Task to complete
Starting at the line that contains "m => exists", repeat each line exactly until the records end, keeping both the first and the last.

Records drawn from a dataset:
(* Let $a<b$ and $\ell_3>0$, and let $U(y,z)$ be a smooth real-valued function on $[a,b]\times\mathbb{R}$, $\ell_3$-periodic in $z$, satisfying $U_y=0$ at $y=a$ and at $y=b$. Let $A=\max_{y,z}|\nabla U|$ and $B=\max_{y,z}|\Delta U|$. Suppose $k\neq 0$ is real, $c=c_r+ic_i$ is complex with $c_i>0$, and there are smooth functions $u,v,w,p$ on $[a,b]\times\mathbb{R}$, $\ell_3$-periodic in $z$, not all identically zero, such that \[ ik(U-c)u+vU_y+wU_z=-ikp,\quad ik(U-c)v=-p_y,\quad ik(U-c)w=-p_z,\quad iku+v_y+w_z=0, \] with $v(a,z)=v(b,z)=0$ for all $z$. Then \[ (kc_i)^2\le 2A^2+Bc_i, \] equivalently $\left(kc_i-\frac{B}{2k}\right)^2\le 2A^2+\left(\frac{B}{2k}\right)^2$.
   Context: Here $\nabla=(\partial_y,\partial_z)$ and $\Delta=\partial_y^2+\partial_z^2$. The system is the linearization of the 3D Euler equations in the channel $a\le y\le b$ (slip boundary condition, periodic in $x$ and $z$) about the steady shear $(U(y,z),0,0)$ with constant pressure, for perturbations of the form $e^{ik(x-ct)}(u,v,w,p)(y,z)+\text{c.c.}$; such $c$ is called an unstable eigenvalue with wave number $k$. *)

From Stdlib Require Import Reals.
From Coquelicot Require Import Coquelicot.
Open Scope R_scope.

Definition cont2 {V : NormedModule R_AbsRing} (f : R -> R -> V) : Prop :=
  forall y z : R,
    filterlim (fun q : R * R => f (fst q) (snd q)) (locally (y, z)) (locally (f y z)).

Fixpoint Ck {V : NormedModule R_AbsRing} (n : nat) (f : R -> R -> V) : Prop :=
  cont2 f /\
  match n with
  | O => True
  | S m => exists fy fz : R -> R -> V,
      (forall y z, is_derive (fun t => f t z) y (fy y z)) /\
      (forall y z, is_derive (fun t => f y t) z (fz y z)) /\
      Ck m fy /\ Ck m fz
  end.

Response to this exercise
  | S m => exists fy fz : R -> R -> V,
      (forall y z, is_derive (fun t => f t z) y (fy y z)) /\
      (forall y z, is_derive (fun t => f y t) z (fz y z)) /\
      Ck m fy /\ Ck m fz
  end.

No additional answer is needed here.